Nadler tells DOJ, "we need vigorous enforcement." of the NVRA
Voting Matters Blog reports: February 26 was not a good day for Asheesh Agarwal, Deputy Assistant Attorney General for the Civil Rights Division of the U. S. Department of Justice. During a hearing of the House Committee on the Judiciary, the bookish bureaucrat was raked slowly over the hot coals by several irate members of Congress.
At issue was the DOJ’s enforcement of key provisions within the National Voter Registration Act (NVRA), which was passed by Congress in 1993 to increase participation in federal elections. Committee members attempted, with little success, to get Agarwal to explain why DOJ has spent the lion’s share of its resources to pressure states to purge voters rather than ensuring their rights.
"Rights on paper are not the same as rights in fact," intoned Congressman Jerrold Nadler of New York. "For that we need vigorous enforcement."

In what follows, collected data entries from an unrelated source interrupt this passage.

(* Let $\mathfrak{n}$ be the real $7$-dimensional Lie algebra with basis $e_1,\dots,e_7$ whose nonzero brackets (up to antisymmetry) are $[e_1,e_2]=e_5$, $[e_1,e_3]=e_6$, $[e_1,e_4]=2e_7$, $[e_2,e_3]=e_4$, $[e_2,e_6]=e_7$, $[e_3,e_5]=-e_7$, $[e_3,e_6]=e_7$. Then $\mathfrak{n}$ is not an Einstein nilradical.
   Context: A real nilpotent Lie algebra $\mathfrak{n}$ is called an Einstein nilradical if it admits an inner product such that the left-invariant Riemannian metric it defines on the simply connected nilpotent Lie group with Lie algebra $\mathfrak{n}$ is a nilsoliton, i.e. its Ricci operator satisfies $\mathrm{Ric}=c\,\mathrm{Id}+D$ for some $c\in\mathbb{R}$ and some derivation $D$ of $\mathfrak{n}$. Brackets of basis elements not listed are zero. *)

From mathcomp Require Import all_boot all_order all_algebra.
From mathcomp Require Import reals.
Set Implicit Arguments. Unset Strict Implicit. Unset Printing Implicit Defensive.
Import Order.TTheory GRing.Theory Num.Theory.
Local Open Scope ring_scope.

Section LieDefs.
Variable R : realType.
Variable n : nat.

(* Bracket on R^n determined by the brackets of the standard basis vectors:
   c i j = [e_i, e_j]. *)
Definition bracket_of (c : 'I_n -> 'I_n -> 'cV[R]_n) (x y : 'cV[R]_n) : 'cV[R]_n :=
  \sum_(i < n) \sum_(j < n) (x i 0 * y j 0) *: c i j.

Definition derivation (br : 'cV[R]_n -> 'cV[R]_n -> 'cV[R]_n) (D : 'M[R]_n) : Prop :=
  forall x y, D *m br x y = br (D *m x) y + br x (D *m y).

(* The inner product for which the columns of the invertible matrix B form an
   orthonormal basis; every inner product on R^n is of this form. *)
Definition ip (B : 'M[R]_n) (x y : 'cV[R]_n) : R :=
  ((invmx B *m x)^T *m (invmx B *m y)) 0 0.

(* Ricci form of the left-invariant metric defined by ip B on the simply
   connected nilpotent Lie group with Lie algebra (R^n, br), computed with the
   orthonormal basis X_i = col i B:
   <Ric x, y> = -1/2 sum_{i,j} <[x,X_i],X_j><[y,X_i],X_j>
                + 1/4 sum_{i,j} <[X_i,X_j],x><[X_i,X_j],y>. *)
Definition ricci_form (br : 'cV[R]_n -> 'cV[R]_n -> 'cV[R]_n) (B : 'M[R]_n)
    (x y : 'cV[R]_n) : R :=
  - (1 / 2) * (\sum_(i < n) \sum_(j < n)
       ip B (br x (col i B)) (col j B) * ip B (br y (col i B)) (col j B))
  + (1 / 4) * (\sum_(i < n) \sum_(j < n)
       ip B (br (col i B) (col j B)) x * ip B (br (col i B) (col j B)) y).

Definition is_ricci_operator (br : 'cV[R]_n -> 'cV[R]_n -> 'cV[R]_n) (B : 'M[R]_n)
    (Ric : 'M[R]_n) : Prop :=
  forall x y, ip B (Ric *m x) y = ricci_form br B x y.

Definition nilsoliton (br : 'cV[R]_n -> 'cV[R]_n -> 'cV[R]_n) (B : 'M[R]_n) : Prop :=
  exists (c : R) (D : 'M[R]_n),
    derivation br D /\ is_ricci_operator br B (c%:M + D).

Definition einstein_nilradical (br : 'cV[R]_n -> 'cV[R]_n -> 'cV[R]_n) : Prop :=
  exists B : 'M[R]_n, B \in unitmx /\ nilsoliton br B.

End LieDefs.

(* Standard basis vector e_(k+1) of R^7 (0-based index k). *)
Definition ev (R : realType) (k : nat) : 'cV[R]_7 := delta_mx (inord k) 0.

Definition n7_const (R : realType) (i j : 'I_7) : 'cV[R]_7 :=
  match nat_of_ord i, nat_of_ord j with
  | 0, 1 => ev R 4   | 1, 0 => - ev R 4
  | 0, 2 => ev R 5   | 2, 0 => - ev R 5
  | 0, 3 => 2%:R *: ev R 6 | 3, 0 => - (2%:R *: ev R 6)
  | 1, 2 => ev R 3   | 2, 1 => - ev R 3
  | 1, 5 => ev R 6   | 5, 1 => - ev R 6
  | 2, 4 => - ev R 6 | 4, 2 => ev R 6
  | 2, 5 => ev R 6   | 5, 2 => - ev R 6
  | _, _ => 0
  end.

Debbie Wasserman Schultz, a Congresswoman from South Florida, cited alarming statistics about voter registration decreases documented in Unequal Access: Neglecting the National Voter Registration Act, 1995-2007, a report written by Project Vote and Demos. The report found that voter registrations generated from public assistance agencies within that period had declined by 79 percent, despite the NVRA’s specific requirement that states offer the service in agencies that help the disadvantaged. -- House Members Grill Justice Dept. Official Over NVRA Enforcement
Note: the Voting Matters Blog has a link to the video of the hearing, but be prepared to spend 2+ hours.